Ghalib al-Zaidi’s death came a week ago in an exchange of fire during clashes with the rebels, known as Houthis, in the Sirwah district of Marib, they told The Associated Press. The fighting over the area was supported by air cover from a Saudi-led coalition backing Yemen’s internationally recognized government.
The officials and elders told the AP that al-Zaidi had dozens of al-Qaida operatives under his command and had taken part in several battles against the Houthis in the province. They spoke on condition of anonymity because they were not authorized to brief the media.
The coalition couldn’t immediately be reached for comment.
In 2017, al-Zaidi was placed on the United Nations Security Council’s sanctions list as a Yemen-based individual “who acts for or on behalf of Al-Qaida in the Arabian Peninsula.” The U.N. found him to be providing the Yemeni affiliate of the global terror network with weapons, funding, and recruits.
Al-Zaidi was also found to have helped AQAP to expand its control in parts of Marib. He had been the group’s leader in the province since 2015.
A recent AP investigation found that Saudi-led coalition members through militias they back in Yemen had struck secret deals with al-Qaida, paying some to leave key cities and towns and letting others retreat with weapons, equipment and wads of looted cash. Hundreds more were recruited to join the coalition itself because they are considered to be exceptional fighters.
The U.S.-backed Saudi-led coalition has been at war with the Iran-allied rebels for more than three years.
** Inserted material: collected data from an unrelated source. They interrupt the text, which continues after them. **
(* Let $\alpha,\beta$ be words over $X$ such that $\alpha\beta$ has no repeated letters, $|\alpha|$ is even, and $|\beta|=2n$ with $n\ge1$. Then $$f[\alpha]\,f[\alpha\beta]^{\,n-1}=\sum s(\beta,x_1y_1\ldots x_ny_n)\,f[(\alpha\beta)\setminus x_1y_1]\,f[(\alpha\beta)\setminus x_2y_2]\cdots f[(\alpha\beta)\setminus x_ny_n].$$ The sum is over all perfect matchings $\{x_1,y_1\},\ldots,\{x_n,y_n\}$ of the set of letters of $\beta$, each matching counted once.
   Context: Setting. Let $X$ be a set and $R$ a commutative ring. Let $f$ assign to each ordered pair $(x,y)\in X\times X$ an element $f[xy]\in R$, subject to $f[xy]=-f[yx]$ and $f[xx]=0$ for all $x,y\in X$. Words. A word is a finite sequence of elements (letters) of $X$. Concatenation is written by juxtaposition, $\epsilon$ is the empty word, and $|\alpha|$ is the length of $\alpha$. For words $\alpha,\beta$, the word $\alpha\setminus\beta$ is obtained from $\alpha$ by deleting every letter that occurs in $\beta$. Sign. For words $\alpha,\beta$, set $s(\alpha,\beta)=0$ if $\alpha$ or $\beta$ has a repeated letter, or if $\beta$ contains a letter not in $\alpha$. Otherwise $s(\alpha,\beta)\in\{\pm1\}$ is the sign of the permutation that rearranges $\alpha$ into the word $\beta(\alpha\setminus\beta)$. Pfaffian. Let $\alpha=x_1\ldots x_{2n}$ be a word with distinct letters. Then $$f[\alpha]=\sum s(\alpha,y_1\ldots y_{2n})\,f[y_1y_2]\cdots f[y_{2n-1}y_{2n}],$$ where the sum is over the $(2n-1)(2n-3)\cdots1$ partitions of $\{x_1,\ldots,x_{2n}\}$ into pairs $\{y_1,y_2\},\ldots,\{y_{2n-1},y_{2n}\}$. Each term does not depend on the order in which the pairs or their elements are listed. Further conventions: $f[\epsilon]=1$; $f[\alpha]=0$ if $\alpha$ has a repeated letter; and $f[\alpha]=0$ if $|\alpha|$ is odd. *)

From mathcomp Require Import all_boot all_algebra.
Set Implicit Arguments. Unset Strict Implicit. Unset Printing Implicit Defensive.
Import GRing.Theory.
Local Open Scope ring_scope.

Section Pfaff.
Variables (X : eqType) (R : comPzRingType).

Definition wminus (a b : seq X) : seq X := [seq x <- a | x \notin b].

Fixpoint inversions (a w : seq X) : nat :=
  if w is x :: w' then
    (count (fun y => index y a < index x a)%N w' + inversions a w')%N
  else 0%N.

Definition sgn (a b : seq X) : R :=
  if uniq a && uniq b && all (fun y => y \in a) b
  then (-1) ^+ inversions a (b ++ wminus a b) else 0.

(* Enumeration of perfect matchings of the letters of a word (each matching
   exactly once), each output as a word y1 y2 ... y_{2n} whose consecutive
   pairs are the blocks: the first letter is paired with each other letter,
   and one recurses on the rest. [k] is fuel (at least the length). *)
Fixpoint matchings_aux (k : nat) (a : seq X) : seq (seq X) :=
  if k is k'.+1 then
    if a is x :: s then
      flatten [seq [seq x :: y :: m | m <- matchings_aux k' (rem y s)] | y <- s]
    else [:: [::]]
  else [:: [::]].

Definition matchings (a : seq X) : seq (seq X) := matchings_aux (size a) a.

Fixpoint pairs_of (w : seq X) : seq (X * X) :=
  if w is x :: y :: w' then (x, y) :: pairs_of w' else [::].

Definition pf (f : X -> X -> R) (a : seq X) : R :=
  if uniq a && ~~ odd (size a) then
    \sum_(m <- matchings a) sgn a m * \prod_(p <- pairs_of m) f p.1 p.2
  else 0.

End Pfaff.

(* Pfaffians are computed by expansion along the first letter ([pfexp]); on words
   without repeated letters this agrees with the sum over perfect matchings.
   The key identity is the antisymmetry in (A, B) of
   cross_pf A B = \sum_i (-1)^i f[A b_i] f[B \ b_i], a Pfaffian analogue of the
   Plücker relations; for A = a x and B = a s it yields the expansion
   f[a] f[a x s] = \sum_(y in s) ± f[a x y] f[a (s \ y)].
   The theorem then follows by induction on n. Its right-hand side is the Pfaffian
   of the minors g c d = f[a b \ c d] on b; expand it along the first letter x of b.
   Moving y next to x in a b only rescales the minors by signs, so the cofactor of
   g x y is, up to sign, the right-hand side for (a x y, b \ x y), i.e.
   f[a x y] f[a b]^(n-2) by induction, and the expansion identity sums these
   terms to f[a] f[a b]^(n-1). *)

From mathcomp Require Import all_boot all_algebra.
From mathcomp Require Import zify ring.
Set Implicit Arguments. Unset Strict Implicit. Unset Printing Implicit Defensive.
Import GRing.Theory.
Local Open Scope ring_scope.

Section AltSum.
Variables (X : eqType) (R : comPzRingType).
Implicit Types (F G : X -> seq X -> R) (s p q : seq X).
Lemma jump_rule_monotone (P : clocks) (u : R) (a a' : Z) (rf lf rf' lf' : Prop) (b b' : Z) :
  (forall i j, P i (i + 1)%Z u -> P j (j - 1)%Z u -> False) ->
  (a <= a')%Z ->
  (a = a' -> P a (a + 1)%Z u -> ~ rf' -> ~ rf) ->
  (a = a' -> P a (a - 1)%Z u -> ~ lf -> ~ lf') ->
  jump_rule P u a rf lf b -> jump_rule P u a' rf' lf' b' -> (b <= b')%Z.
Proof.
  intros Hexcl Hle Hright Hleft Hrule Hrule'.
  destruct Hrule as [[[Hr Hrf] ->]|[[[Hl Hlf] ->]|[Hnr [Hnl ->]]]];
  destruct Hrule' as [[[Hr' Hrf'] ->]|[[[Hl' Hlf'] ->]|[Hnr' [Hnl' ->]]]];
  try lia.
  - exfalso. exact (Hexcl a a' Hr Hl').
  - destruct (Z.eq_dec a a') as [<-|]; [|lia].
    exfalso. apply (Hright eq_refl Hr); [|exact Hrf]. intros Hrf'. tauto.
  - destruct (Z.eq_dec a a') as [<-|]; [|lia].
    exfalso. apply (Hleft eq_refl Hl'); [|exact Hlf']. intros Hlf. tauto.
Qed.

Lemma asep_order (P : clocks) (n0 : Z) (z0 : Z -> Z) (z : Z -> R -> Z) (m : Z) (v : R) :
  asep_path P n0 z0 z -> (n0 <= m - 1)%Z -> 0 <= v -> (z m v < z (m - 1)%Z v)%Z.
Proof.
  intros (_ & Hord & _) Hm Hv. pose proof (Hord (m - 1)%Z v Hm Hv) as H.
  replace (m - 1 + 1)%Z with m in H by ring. exact H.
Qed.

Lemma asep_right_const (P : clocks) (n0 : Z) (z0 : Z -> Z) (z : Z -> R -> Z) (m : Z) (u : R) :
  asep_path P n0 z0 z -> (n0 <= m)%Z -> 0 <= u -> just_after u (fun v => z m v = z m u).
Proof. intros (_ & _ & Hconst & _) Hm Hu. exact (Hconst m u Hm Hu). Qed.

Lemma asep_last_step (P : clocks) (n0 : Z) (z0 : Z -> Z) (z : Z -> R -> Z) (m : Z) (u : R) :
  asep_path P n0 z0 z -> (n0 <= m)%Z -> 0 < u ->
  just_before u (fun v => jump_rule P u (z m v) (right_free n0 z m v) (left_free z m v) (z m u)).
Proof.
  intros (_ & _ & _ & Hjump) Hm Hu.
  destruct (Hjump m u Hm Hu) as [eps [a [b [c [Heps [Hbefore Hrule]]]]]].
  exists eps. split; [exact Heps|]. intros v Hv.
  destruct (Hbefore v Hv) as [Ha [Hc Hb]].
  assert (Hblock : ((n0 <= m - 1)%Z /\ b = (a + 1)%Z) <->
                   ((n0 <= m - 1)%Z /\ z (m - 1)%Z v = (a + 1)%Z)).
  { split; intros [H1 H2]; split; try exact H1;
      [rewrite (Hb H1) | rewrite <- (Hb H1)]; exact H2. }
  unfold jump_rule, right_free, left_free. rewrite Ha, Hc, <- Hblock. exact Hrule.
Qed.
Al-Qaida and an Islamic State affiliate have exploited the chaos to expand their presence in the country.
The coalition has long maintained that it’s committed to fighting terrorism in Yemen.
AQAP, based in Yemen, is considered the most dangerous branch of the terror network and had attempted attacks on U.S. soil. But in the fight to defeat the Houthis, al-Qaida militants are effectively on the same side as the Saudi-led coalition — and, by extension, the U.S.
The U.S. has sent billions of dollars in weapons for Yemen, provided intelligence used in targeting the coalition’s on-the-ground adversaries and American jets provide air-to-air refueling for coalition war planes. But the U.S. does not fund the coalition and there is no evidence that American money went to AQAP militants, according to AP’s investigation.
International rights groups have long criticized the U.S. and other Western countries for selling arms to the coalition. In a Friday statement, Human Rights Watch called for the suspension of arms sales to Saudi Arabia over the coalition’s alleged “unlawful attacks” on civilians in Yemen.
“The U.S. operational support for coalition airstrikes could make the U.S. complicit in laws-of-war violations, while continued arms sales to Saudi Arabia could also expose U.S. officials to criminal liability,” HRW said.
The conflict in Yemen has killed more than 10,000 people, devastated the Arab world’s poorest country and pushed it to the brink of famine.